(* Let $m_c\in H$, with local components $m_\lambda=\sum_{j=0,1}Y^j\sum_{\ell\ge0}b^\lambda_{j,\ell}s_\lambda^\ell$ for $\lambda\in\Lambda$. Then there exist real numbers $\alpha$ and $\beta$ such that $$v_p\big(b^\lambda_{j,\ell}\big)\ \ge\ -\big(\alpha\log_p(\ell)+\beta\big)$$ for all $\lambda\in\Lambda$, all $j\in\{0,1\}$ and all integers $\ell\ge1$.
   Context: Standing setup. Let $k$ be a finite field of odd characteristic $p$, $W(k)$ its ring of Witt vectors, $K$ the fraction field of $W(k)$, $v_p$ the $p$-adic valuation on $K$, $|\cdot|$ the $p$-adic absolute value, and $\log_p$ the real logarithm to base $p$. Let $g\ge1$ and let $\lambda_1,\dots,\lambda_{2g+1}\in W(k)$ have pairwise distinct reductions modulo $p$. Put $Q(t)=\prod_{i=1}^{2g+1}(t-\lambda_i)$ and $h(t)=\frac{Q'(t)}{2Q(t)}$. Let $\Lambda=\{\lambda_1,\dots,\lambda_{2g+1},\infty\}$, $\Lambda_0=\Lambda\setminus\{\infty\}$. The local parameter at $\lambda\in\Lambda_0$ is $s_\lambda=t-\lambda$, and at $\infty$ it is $s_\infty=t^{-1}$. Let $B_K^\dagger$ be the ring of series $\sum_{\underline\ell\ge0}a_{\underline\ell}\,t^{\ell_0}\prod_{i}(t-\lambda_i)^{-\ell_i}$ ($a_{\underline\ell}\in K$) for which there is $\eta>1$ with $|a_{\underline\ell}|\eta^{\max_i\ell_i}\to0$; $\phi_\lambda(f)$ is the Laurent expansion of $f\in B_K^\dagger$ in $s_\lambda$. The principal part is $\Pr_\lambda(\sum a_\ell s_\lambda^\ell)=\sum_{\ell<0}a_\ell s_\lambda^\ell$ for $\lambda\in\Lambda_0$ and $\Pr_\infty(\sum a_\ell s_\infty^\ell)=\sum_{\ell\le0}a_\ell s_\infty^\ell$; its expansion at another point $\mu$ is denoted $\phi_\mu(\cdot)$. For $\lambda\in\Lambda_0$, $\tilde R_{\lambda,c}$ is the space of $\sum_{\ell\ge0}a_\ell s_\lambda^\ell$ with $|a_\ell|\eta^\ell\to0$ for all $\eta<1$, and $R_{\infty,c}$ the analogous space of $\sum_{\ell\ge1}a_\ell s_\infty^\ell$. $B_c=\prod_{\lambda\in\Lambda_0}\tilde R_{\lambda,c}\times R_{\infty,c}$ is a $B_K^\dagger$-module via $(f\cdot G)^\mu=\phi_\mu(f)G^\mu-\sum_{\lambda\in\Lambda}\phi_\mu\big(\Pr_\lambda(\phi_\lambda(f)G^\lambda)\big)$. Let $A_K^\dagger=B_K^\dagger\oplus B_K^\dagger Y$ with $Y^2=Q(t)$, $\nabla_{GM}(1)=0$, $\nabla_{GM}(Y)=hY$; $M_c=A_K^\dagger\otimes_{B_K^\dagger}B_c$ with elements $m_c=1\otimes G_0+Y\otimes G_1$ ($G_0,G_1\in B_c$) and $\nabla_c(m_c)=1\otimes\partial_tG_0+Y\otimes(\partial_tG_1+h\cdot G_1)$, $\partial_t$ acting componentwise (as $-s_\infty^2\,d/ds_\infty$ on series in $s_\infty$). $H=\ker\nabla_c$ (the space $H^1_{MW,c}(V,\pi_*A_K^\dagger)$). Local components: $m_\lambda=G_0^\lambda+YG_1^\lambda=\sum_{j=0,1}Y^j\sum_{\ell\ge0}b^\lambda_{j,\ell}s_\lambda^\ell$ with $b^\infty_{j,0}=0$. *)

From Stdlib Require Import Reals.
From HB Require Import structures.
From mathcomp Require Import all_boot all_order all_algebra.
Set Implicit Arguments. Unset Strict Implicit. Unset Printing Implicit Defensive.
Import Order.TTheory GRing.Theory Num.Theory.
Local Open Scope ring_scope.

Definition int_to_R (z : int) : R :=
  match z with Posz n => INR n | Negz n => Ropp (INR (S n)) end.

Definition logp (p l : nat) : R := Rdiv (ln (INR l)) (ln (INR p)).

(* [vge v x N] : v_p(x) >= N, with the convention v_p(0) = +oo *)
Definition vge (K : fieldType) (v : K -> int) (x : K) (N : int) : Prop :=
  x = 0 \/ (N <= v x).

(* K is a complete discretely valued field of characteristic 0 with
   normalized valuation v (v(p) = 1, so unramified), whose residue field
   O_K / pO_K is finite, p an odd prime.  These are exactly the fields
   Frac W(k), k a finite field of characteristic p (with v = v_p). *)
Definition witt_frac (K : fieldType) (v : K -> int) (p : nat) : Prop :=
  prime p /\ odd p /\
  (forall m : nat, m%:R = 0 :> K -> m = 0%N) /\
  (forall x y : K, x != 0 -> y != 0 -> v (x * y) = v x + v y) /\
  (forall x y : K, x != 0 -> y != 0 -> x + y != 0 ->
       (v x <= v (x + y)) || (v y <= v (x + y))) /\
  v (p%:R) = 1 /\
  (forall u : nat -> K,
     (forall N : int, exists n0 : nat, forall i j : nat,
        (n0 <= i)%N -> (n0 <= j)%N -> vge v (u i - u j) N) ->
     exists L : K, forall N : int, exists n0 : nat, forall i : nat,
        (n0 <= i)%N -> vge v (u i - L) N) /\
  (* finite residue field k = W(k)/pW(k) *)
  (exists s : seq K, (forall y, y \in s -> vge v y 0) /\
     forall x : K, vge v x 0 -> exists2 y, y \in s & vge v (x - y) 1).

Definition pabs (K : fieldType) (v : K -> int) (p : nat) (a : K) : R :=
  if a == 0 then R0 else Rpower (INR p) (Ropp (int_to_R (v a))).

Definition conv_c (K : fieldType) (v : K -> int) (p : nat) (a : nat -> K) : Prop :=
  forall eta : R, Rlt R0 eta -> Rlt eta R1 ->
    Un_cv (fun l => Rmult (pabs v p (a l)) (pow eta l)) R0.

Section Local.
Variables (K : fieldType) (v : K -> int) (p : nat) (n : nat) (lam : 'I_n -> K).

(* Points of Lambda: Some i = lambda_i, None = infinity.  Local parameter
   s_{lambda_i} = t - lambda_i, s_infty = 1/t.  A Laurent series at a point
   is represented by its coefficient function  int -> K  (coefficient of s^l). *)
Definition Pt := option 'I_n.

(* Expansion at mu of a principal part  sum_{k<d} F(-(k+1)) (t - lambda_la)^{-(k+1)}
   (the principal part at the finite point la of a Laurent series F of order >= -d). *)
Definition expand_fin (d : nat) (la : 'I_n) (F : int -> K) (mu : Pt) : int -> K :=
  fun l => match mu with
  | Some m =>
      if m == la then (if l < 0 then F l else 0)
      else match l with
           | Posz l' => \sum_(k < d) F (Negz k) *
                ((-1) ^+ l' * ('C(k + l', l'))%:R * (lam m - lam la) ^- (k.+1 + l'))
           | Negz _ => 0 end
  | None =>
      match l with
      | Posz m' => \sum_(k < d | (k < m')%N)
                     F (Negz k) * ('C(m'.-1, m' - k.+1))%:R * lam la ^+ (m' - k.+1)
      | Negz _ => 0 end
  end.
--
» What is needed
Since the material above must be kept intact, output it exactly as it is.

» Reply to the exercise
(* Let $m_c\in H$, with local components $m_\lambda=\sum_{j=0,1}Y^j\sum_{\ell\ge0}b^\lambda_{j,\ell}s_\lambda^\ell$ for $\lambda\in\Lambda$. Then there exist real numbers $\alpha$ and $\beta$ such that $$v_p\big(b^\lambda_{j,\ell}\big)\ \ge\ -\big(\alpha\log_p(\ell)+\beta\big)$$ for all $\lambda\in\Lambda$, all $j\in\{0,1\}$ and all integers $\ell\ge1$.
   Context: Standing setup. Let $k$ be a finite field of odd characteristic $p$, $W(k)$ its ring of Witt vectors, $K$ the fraction field of $W(k)$, $v_p$ the $p$-adic valuation on $K$, $|\cdot|$ the $p$-adic absolute value, and $\log_p$ the real logarithm to base $p$. Let $g\ge1$ and let $\lambda_1,\dots,\lambda_{2g+1}\in W(k)$ have pairwise distinct reductions modulo $p$. Put $Q(t)=\prod_{i=1}^{2g+1}(t-\lambda_i)$ and $h(t)=\frac{Q'(t)}{2Q(t)}$. Let $\Lambda=\{\lambda_1,\dots,\lambda_{2g+1},\infty\}$, $\Lambda_0=\Lambda\setminus\{\infty\}$. The local parameter at $\lambda\in\Lambda_0$ is $s_\lambda=t-\lambda$, and at $\infty$ it is $s_\infty=t^{-1}$. Let $B_K^\dagger$ be the ring of series $\sum_{\underline\ell\ge0}a_{\underline\ell}\,t^{\ell_0}\prod_{i}(t-\lambda_i)^{-\ell_i}$ ($a_{\underline\ell}\in K$) for which there is $\eta>1$ with $|a_{\underline\ell}|\eta^{\max_i\ell_i}\to0$; $\phi_\lambda(f)$ is the Laurent expansion of $f\in B_K^\dagger$ in $s_\lambda$. The principal part is $\Pr_\lambda(\sum a_\ell s_\lambda^\ell)=\sum_{\ell<0}a_\ell s_\lambda^\ell$ for $\lambda\in\Lambda_0$ and $\Pr_\infty(\sum a_\ell s_\infty^\ell)=\sum_{\ell\le0}a_\ell s_\infty^\ell$; its expansion at another point $\mu$ is denoted $\phi_\mu(\cdot)$. For $\lambda\in\Lambda_0$, $\tilde R_{\lambda,c}$ is the space of $\sum_{\ell\ge0}a_\ell s_\lambda^\ell$ with $|a_\ell|\eta^\ell\to0$ for all $\eta<1$, and $R_{\infty,c}$ the analogous space of $\sum_{\ell\ge1}a_\ell s_\infty^\ell$. $B_c=\prod_{\lambda\in\Lambda_0}\tilde R_{\lambda,c}\times R_{\infty,c}$ is a $B_K^\dagger$-module via $(f\cdot G)^\mu=\phi_\mu(f)G^\mu-\sum_{\lambda\in\Lambda}\phi_\mu\big(\Pr_\lambda(\phi_\lambda(f)G^\lambda)\big)$. Let $A_K^\dagger=B_K^\dagger\oplus B_K^\dagger Y$ with $Y^2=Q(t)$, $\nabla_{GM}(1)=0$, $\nabla_{GM}(Y)=hY$; $M_c=A_K^\dagger\otimes_{B_K^\dagger}B_c$ with elements $m_c=1\otimes G_0+Y\otimes G_1$ ($G_0,G_1\in B_c$) and $\nabla_c(m_c)=1\otimes\partial_tG_0+Y\otimes(\partial_tG_1+h\cdot G_1)$, $\partial_t$ acting componentwise (as $-s_\infty^2\,d/ds_\infty$ on series in $s_\infty$). $H=\ker\nabla_c$ (the space $H^1_{MW,c}(V,\pi_*A_K^\dagger)$). Local components: $m_\lambda=G_0^\lambda+YG_1^\lambda=\sum_{j=0,1}Y^j\sum_{\ell\ge0}b^\lambda_{j,\ell}s_\lambda^\ell$ with $b^\infty_{j,0}=0$. *)

From Stdlib Require Import Reals.
From HB Require Import structures.
From mathcomp Require Import all_boot all_order all_algebra.
Set Implicit Arguments. Unset Strict Implicit. Unset Printing Implicit Defensive.
Import Order.TTheory GRing.Theory Num.Theory.
Local Open Scope ring_scope.

Definition int_to_R (z : int) : R :=
  match z with Posz n => INR n | Negz n => Ropp (INR (S n)) end.

Definition logp (p l : nat) : R := Rdiv (ln (INR l)) (ln (INR p)).

(* [vge v x N] : v_p(x) >= N, with the convention v_p(0) = +oo *)
Definition vge (K : fieldType) (v : K -> int) (x : K) (N : int) : Prop :=
  x = 0 \/ (N <= v x).

(* K is a complete discretely valued field of characteristic 0 with
   normalized valuation v (v(p) = 1, so unramified), whose residue field
   O_K / pO_K is finite, p an odd prime.  These are exactly the fields
   Frac W(k), k a finite field of characteristic p (with v = v_p). *)
Definition witt_frac (K : fieldType) (v : K -> int) (p : nat) : Prop :=
  prime p /\ odd p /\
  (forall m : nat, m%:R = 0 :> K -> m = 0%N) /\
  (forall x y : K, x != 0 -> y != 0 -> v (x * y) = v x + v y) /\
  (forall x y : K, x != 0 -> y != 0 -> x + y != 0 ->
       (v x <= v (x + y)) || (v y <= v (x + y))) /\
  v (p%:R) = 1 /\
  (forall u : nat -> K,
     (forall N : int, exists n0 : nat, forall i j : nat,
        (n0 <= i)%N -> (n0 <= j)%N -> vge v (u i - u j) N) ->
     exists L : K, forall N : int, exists n0 : nat, forall i : nat,
        (n0 <= i)%N -> vge v (u i - L) N) /\
  (* finite residue field k = W(k)/pW(k) *)
  (exists s : seq K, (forall y, y \in s -> vge v y 0) /\
     forall x : K, vge v x 0 -> exists2 y, y \in s & vge v (x - y) 1).

Definition pabs (K : fieldType) (v : K -> int) (p : nat) (a : K) : R :=
  if a == 0 then R0 else Rpower (INR p) (Ropp (int_to_R (v a))).

Definition conv_c (K : fieldType) (v : K -> int) (p : nat) (a : nat -> K) : Prop :=
  forall eta : R, Rlt R0 eta -> Rlt eta R1 ->
    Un_cv (fun l => Rmult (pabs v p (a l)) (pow eta l)) R0.

Section Local.
Variables (K : fieldType) (v : K -> int) (p : nat) (n : nat) (lam : 'I_n -> K).

(* Points of Lambda: Some i = lambda_i, None = infinity.  Local parameter
   s_{lambda_i} = t - lambda_i, s_infty = 1/t.  A Laurent series at a point
   is represented by its coefficient function  int -> K  (coefficient of s^l). *)
Definition Pt := option 'I_n.

(* Expansion at mu of a principal part  sum_{k<d} F(-(k+1)) (t - lambda_la)^{-(k+1)}
   (the principal part at the finite point la of a Laurent series F of order >= -d). *)
Definition expand_fin (d : nat) (la : 'I_n) (F : int -> K) (mu : Pt) : int -> K :=
  fun l => match mu with
  | Some m =>
      if m == la then (if l < 0 then F l else 0)
      else match l with
           | Posz l' => \sum_(k < d) F (Negz k) *
                ((-1) ^+ l' * ('C(k + l', l'))%:R * (lam m - lam la) ^- (k.+1 + l'))
           | Negz _ => 0 end
  | None =>
      match l with
      | Posz m' => \sum_(k < d | (k < m')%N)
                     F (Negz k) * ('C(m'.-1, m' - k.+1))%:R * lam la ^+ (m' - k.+1)
      | Negz _ => 0 end
  end.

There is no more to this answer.